André 3000: I never totally dedicated myself to anything. I’ve always been a jack-of-no-trades, but just making it happen: You know, play guitar just enough to play on The Love Below. Play piano just enough to do “Ms. Jackson.” My first chords were “Hey Ya!”

GQ: Wait, your first chords on the guitar became “Hey Ya!”?

Yeah.

“Hey Ya” is made up of just four chords–all of them the sort of thing a novice could figure out how to play more or less immediately–so his story checks out, for the most part.
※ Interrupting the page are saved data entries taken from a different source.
Lemma cvg_of_dist_le (V : normedModType R) (u : nat -> V) (x : V) (d : nat -> R) :
  d @ \oo --> 0 -> (forall n, `|x - u n| <= d n) -> u @ \oo --> x.
Proof.
move=> d0 ud; apply/cvgrPdist_le => eps e0.
by have [N dN] := cvg0_eventually_le d0 e0; exists N => // n /dN; exact: le_trans.
Qed.

Lemma cvg_of_cauchy_bound (V : completeNormedModType R) (u : nat -> V) (d : nat -> R) :
  d @ \oo --> 0 -> (forall m n, (m <= n)%N -> `|u n - u m| <= d m) ->
  exists2 l, u @ \oo --> l & forall m, `|u m - l| <= d m.
Proof.
move=> d0 ud.
have : cvg (u @ \oo).
  apply: cauchy_cvg; apply: cauchy_exP => eps e0.
  have [N HN] := cvg0_eventually_le d0 (divr_gt0 e0 (ltr0Sn _ 1)).
  exists (u N); exists N => // n Nn /=.
  rewrite -ball_normE /= -normrN opprB; apply: le_lt_trans (ud _ _ Nn) _.
  by apply: le_lt_trans (HN N (leqnn N)) _; rewrite ltr_pdivrMr // ltr_pMr // ltr1n.
move=> /cvg_ex [l ul]; exists l => // m.
apply: (cvg_dist_le ul); exists m => // n /= mn.
by rewrite -normrN opprB; exact: ud.
Qed.

Lemma cvg_finite_eventually_le (V : normedModType R) (u : nat -> nat -> V) (x : nat -> V)
    (del : nat -> R) l :
  (forall i, u i @ \oo --> x i) -> (forall i, 0 < del i) ->
  exists N, forall i, (i < l)%N -> forall m, (N <= m)%N -> `|x i - u i m| <= del i.
Proof.
move=> ux del0; elim: l => [|l [N1 N1P]]; first by exists 0%N.
have [N2 _ N2P] := (cvgrPdist_le _ _).1 (ux l) _ (del0 l).
exists (maxn N1 N2) => i; rewrite ltnS leq_eqVlt => /orP [/eqP ->|il] m.
  by rewrite geq_max => /andP [_ N2m]; exact: N2P.
by rewrite geq_max => /andP [N1m _]; exact: N1P.
Qed.

Lemma half_geometric_sum_le m n :
  \sum_(m <= j < n) (2^-1 : R) ^+ j <= 2 * 2^-1 ^+ m.
Proof.
have h0 : 0 <= (2^-1 : R) ^+ m by rewrite exprn_ge0.
have [nm|mn] := leqP n m; first by rewrite big_geq // mulr_ge0.
rewrite -(subnKC (ltnW mn)) geometric_partial_tail.
apply: le_trans (geometric_le_lim _ _ _ _) _ => //; rewrite ?ger0_norm //.
  by rewrite invf_lt1 // ltr1n.
by rewrite mulrC ler_pM2r // (_ : 1 - 2^-1 = 2^-1) ?invrK //; field.
Qed.

End Limits.

Section LinearOnSpan.
Variables (R : pzRingType) (W : lmodType R) (n : nat) (f : 'I_n -> W) (T : W -> W).
Local Notation span := [set x | exists d : 'I_n -> R, x = \sum_(i < n) d i *: f i].
Hypothesis TD : forall x y, span x -> span y -> T (x + y) = T x + T y.
Hypothesis TZ : forall (c : R) x, span x -> T (c *: x) = c *: T x.

Lemma span_lincomb (d : 'I_n -> R) : span (\sum_(i < n) d i *: f i).
Proof. by exists d. Qed.

Lemma span_generator i : span (f i).
Proof.
exists (fun j => (j == i)%:R); rewrite (bigD1 i) //= eqxx scale1r big1 ?addr0 // => j /negbTE ->.
by rewrite scale0r.
Qed.

Lemma map_lincomb (d : 'I_n -> R) : T (\sum_(i < n) d i *: f i) = \sum_(i < n) d i *: T (f i).
Proof.
have span0 : span 0 by exists (fun=> 0); rewrite big1 // => i _; rewrite scale0r.
have T0 : T 0 = 0 by have := TZ 0 span0; rewrite !scale0r.
have spanD x y : span x -> span y -> span (x + y).
  move=> [d1 ->] [d2 ->]; exists (fun i => d1 i + d2 i).
  by rewrite -big_split; apply: eq_bigr => i _; rewrite scalerDl.
have spanZ c x : span x -> span (c *: x).
  move=> [d1 ->]; exists (fun i => c * d1 i).
  by rewrite scaler_sumr; apply: eq_bigr => i _; rewrite scalerA.
suff [] : span (\sum_(i < n) d i *: f i) /\
          T (\sum_(i < n) d i *: f i) = \sum_(i < n) d i *: T (f i) by [].
apply: (big_ind2 (fun x y => span x /\ T x = y)) => [|x1 x2 y1 y2 [sx1 <-] [sx2 <-]|i _].
- by split.
- by split; [exact: spanD | exact: TD].
- by split; [apply: spanZ; exact: span_generator | apply: TZ; exact: span_generator].
Qed.

End LinearOnSpan.

Section SchauderBasis.
Variables (R : realType) (W : completeNormedModType R) (e : nat -> W).
Hypothesis basis_e : schauder_basis e.

Definition partial_sum (a : nat -> R) (N : nat) : W := \sum_(i < N) a i *: e i.

Lemma series_partial_sum a : series (fun i => a i *: e i) = partial_sum a.
Proof. by apply/funext => n; rewrite /series /= big_mkord. Qed.

Definition basis_coef (x : W) : nat -> R := projT1 (cid (proj1 (basis_e x))).
Local Notation coef := basis_coef.

Lemma basis_coefP x : partial_sum (coef x) @ \oo --> x.
Proof. by rewrite /basis_coef; case: cid => a /=; rewrite series_partial_sum. Qed.

Lemma basis_coef_unique a x : partial_sum a @ \oo --> x -> a = coef x.
Proof.
move=> ax; apply: (proj2 (basis_e x)); rewrite series_partial_sum //.
exact: basis_coefP.
Qed.

Lemma basis_coefD x y : coef (x + y) = fun i => coef x i + coef y i.
Proof.
apply/esym/basis_coef_unique.
have -> : partial_sum (fun i => coef x i + coef y i) =
          fun n => partial_sum (coef x) n + partial_sum (coef y) n.
  apply/funext => n; rewrite /partial_sum -big_split /=.
  by apply: eq_bigr => i _; rewrite scalerDl.
apply: cvgD; exact: basis_coefP.
Qed.

Lemma basis_coefZ (c : R) x : coef (c *: x) = fun i => c * coef x i.
Proof.
apply/esym/basis_coef_unique.
have -> : partial_sum (fun i => c * coef x i) = fun n => c *: partial_sum (coef x) n.
  apply/funext => n; rewrite /partial_sum scaler_sumr.
  by apply: eq_bigr => i _; rewrite scalerA.
by apply: cvgZ; [exact: cvg_cst | exact: basis_coefP].
Qed.

Lemma partial_sum_stable (b : nat -> R) M N : (M <= N)%N ->
  (forall i, (M <= i)%N -> b i = 0) -> partial_sum b N = partial_sum b M.
Proof.
move=> MN bM; rewrite /partial_sum -(subnKC MN) big_split_ord /=.
by rewrite [X in _ + X]big1 ?addr0 // => i _; rewrite bM ?scale0r // leq_addr.
Qed.

Lemma basis_coef_partial_sum (b : nat -> R) M : (forall i, (M <= i)%N -> b i = 0) ->
  coef (partial_sum b M) = b.
Proof.
move=> bM; apply/esym/basis_coef_unique; apply: cvg_near_cst; exists M => // n /= Mn.
exact: partial_sum_stable.
Qed.

Lemma basis_neq0 i : e i != 0.
Proof.
apply/eqP => ei0; pose b k : R := (k == i)%:R.
have : partial_sum b (i.+1) = partial_sum (fun=> 0) 0.
  rewrite /partial_sum big_ord0 big1 // => k _.
  by rewrite /b; case: eqP => [->|_]; rewrite ?ei0 ?scaler0 ?scale0r.
move=> /(congr1 coef); rewrite !basis_coef_partial_sum // => [/(congr1 (fun f => f i))|k].
  by rewrite /b eqxx => /eqP; rewrite oner_eq0.
by rewrite /b; case: eqP => // ->; rewrite ltnn.
Qed.

Definition basis_proj (N : nat) (x : W) : W := partial_sum (coef x) N.
Local Notation P := basis_proj.

Lemma proj_cvg x : P^~ x @ \oo --> x.
Proof. exact: basis_coefP. Qed.

Lemma projD N x y : P N (x + y) = P N x + P N y.
Proof.
rewrite /basis_proj /partial_sum basis_coefD -big_split.
by apply: eq_bigr => i _; rewrite scalerDl.
Qed.

Lemma projZ N c x : P N (c *: x) = c *: P N x.
Proof.
rewrite /basis_proj /partial_sum basis_coefZ scaler_sumr.
by apply: eq_bigr => i _; rewrite scalerA.
Qed.

Lemma proj0 N : P N 0 = 0.
Proof. by rewrite -[0 in LHS](scale0r 0) projZ scale0r. Qed.

Lemma projB N x y : P N (x - y) = P N x - P N y.
Proof. by rewrite projD -scaleN1r projZ scaleN1r. Qed.

Lemma proj_sum N I (r : seq I) (Q : pred I) (F : I -> W) :
  P N (\sum_(i <- r | Q i) F i) = \sum_(i <- r | Q i) P N (F i).
Proof. exact: (big_morph (P N) (projD N) (proj0 N)). Qed.

Lemma proj_nil x : P 0 x = 0.
Proof. by rewrite /basis_proj /partial_sum big_ord0. Qed.

Lemma projS N x : P N.+1 x = P N x + coef x N *: e N.
Proof. by rewrite /basis_proj /partial_sum big_ord_recr. Qed.

Lemma basis_coef_scale x i : coef x i *: e i = P i.+1 x - P i x.
Proof. by rewrite projS addrAC subrr add0r. Qed.

End SchauderBasis.

Section BaireApproximation.
Variables (R : realType) (W : completeNormedModType R) (e : nat -> W).
Hypothesis basis_e : schauder_basis e.
Local Notation P := (basis_proj basis_e).

Lemma proj_bounded x : exists k : nat, forall N, `|P N x| <= k%:R.
Proof.
have [M [_ xM]] := cvg_seq_bounded (cvgP _ (proj_cvg basis_e (x := x))).
exists (Num.truncn `|M|).+1 => N; apply: (xM _ _ N Logic.I).
exact: le_lt_trans (ler_norm M) (truncnS_gt _).
Qed.

Lemma ball_sub_closure_proj_bounded : exists (k : nat) (x0 : W) (r : R),
  0 < r /\ ball x0 r `<=` closure [set x | forall N, `|P N x| <= k%:R].
Proof.
pose E k := [set x : W | forall N, `|P N x| <= k%:R].
have : ~ forall k, open (~` closure (E k)) /\ dense (~` closure (E k)).
  move=> /Baire /(_ setT) [||x [_ xE]]; [by exists 0 | exact: openT |].
  have [k xk] := proj_bounded x.
  by apply: (xE k Logic.I); exact: subset_closure.
move=> /existsNP [k /not_andP [|]].
  by move=> []; apply: closed_openC; exact: closed_closure.
move=> /denseNE [U [[x /open_nbhs_nbhs /nbhs_ballP [r r0 xrU]] UE]].
exists k, x, r; split => //.
suff : ball x r `&` ~` closure (E k) = set0 by move/disjoints_subset; rewrite setCK.
by apply/seteqP; split => // y [/xrU Uy Ey]; rewrite -UE; split.
Qed.

(* With B(x0, r) in the closure of E_k = {y | |P_N y| <= k for all N}, x is
   approximately (y1 - y2) / t with y1 near x0 + t x and y2 near x0, both in E_k. *)
Lemma proj_bounded_approx : exists2 M : R, 0 < M & forall x (eps : R), 0 < eps ->
  exists y, (forall N, `|P N y| <= M * `|x|) /\ `|x - y| <= eps.
Proof.
have [k [x0 [r [r0 closE]]]] := ball_sub_closure_proj_bounded.
have near_E y eps : ball x0 r y -> 0 < eps ->
    exists z, (forall N, `|P N z| <= k%:R) /\ `|y - z| < eps.
  move=> /closE yE e0; have [z [Ez yz]] := yE _ (nbhsx_ballx y eps e0).
  by exists z; split => //; move: yz; rewrite -ball_normE.
exists (4 * k.+1%:R / r); first by rewrite divr_gt0 // mulr_gt0.
move=> x eps e0; have [->|x0n] := eqVneq x 0.
  exists 0; split => [N|]; first by rewrite proj0 !normr0 mulr0.
  by rewrite subr0 normr0 ltW.
have nx : 0 < `|x| by rewrite normr_gt0.
pose t := r / (2 * `|x|).
have t0 : 0 < t by rewrite divr_gt0 // mulr_gt0.
have xt : ball x0 r (x0 + t *: x).
  rewrite -ball_normE /= opprD addrA subrr sub0r normrN normrZ gtr0_norm //.
  have -> : t * `|x| = r / 2 by rewrite /t; field; rewrite gt_eqF.
  lra.
have te0 : 0 < t * eps / 2 by rewrite divr_gt0 // mulr_gt0.
have [y1 [E1 h1]] := near_E _ _ xt te0.
have [y2 [E2 h2]] := near_E _ _ (ballxx x0 r0) te0.
exists (t^-1 *: (y1 - y2)); split => [N|].
  rewrite projZ projB normrZ gtr0_norm ?invr_gt0 //.
  have : `|P N y1 - P N y2| <= k%:R + k%:R by apply: (le_trans (ler_normB _ _)); rewrite lerD.
  have -> : 4 * k.+1%:R / r * `|x| = 2 * k.+1%:R * t^-1 by rewrite /t; field; rewrite !gt_eqF.
  rewrite mulrC ler_pM2r ?invr_gt0 // -natr1; have := ler0n R k; lra.
have -> : x - t^-1 *: (y1 - y2) = t^-1 *: ((x0 + t *: x - y1) - (x0 - y2)).
  rewrite [x0 + _]addrC addrAC addrKA opprK -addrA -[y2 - y1]opprB.
  by rewrite [RHS]scalerBr scalerA mulVf ?gt_eqF // scale1r.
rewrite normrZ gtr0_norm ?invr_gt0 // -ler_pdivlMl ?invr_gt0 // invrK.
apply: (le_trans (ler_normB _ _)); have := ltW h1; have := ltW h2; lra.
Qed.

End BaireApproximation.

Section ProjectionConvergence.
Variables (R : realType) (W : completeNormedModType R) (e : nat -> W).
Hypothesis basis_e : schauder_basis e.
Local Notation P := (basis_proj basis_e).
Local Notation coef := (basis_coef basis_e).

Lemma basis_coef_dist_le x y i :
  `|coef x i - coef y i| * `|e i| <= `|P i.+1 x - P i.+1 y| + `|P i x - P i y|.
Proof.
rewrite -normrZ scalerBl !basis_coef_scale.
have -> : P i.+1 x - P i x - (P i.+1 y - P i y) = (P i.+1 x - P i.+1 y) - (P i x - P i y).
  by rewrite !opprD !opprK addrACA.
exact: ler_normB.
Qed.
However, there’s reason to believe that 3 Stacks–who says earlier in the interview that he doesn’t think of himself as a great rapper, to the bafflement of fans everywhere–is being a little theatrical with his modesty in portraying himself as a naif here.

Outkast, of course, was an extremely musically sophisticated group, and they produced many of their tracks themselves, including classics like “SpottieOttieDopaLiscious,” “Rosa Parks,” and “B.O.B.” (The latter is credited to Earthtone III, a trio of André, Big Boi, and the producer Mr. DJ.) You don’t make songs like that without knowing what you’re doing. Maybe it’s true that André had never touched a guitar until shortly before “Hey Ya,” but he definitely was not a novice musician.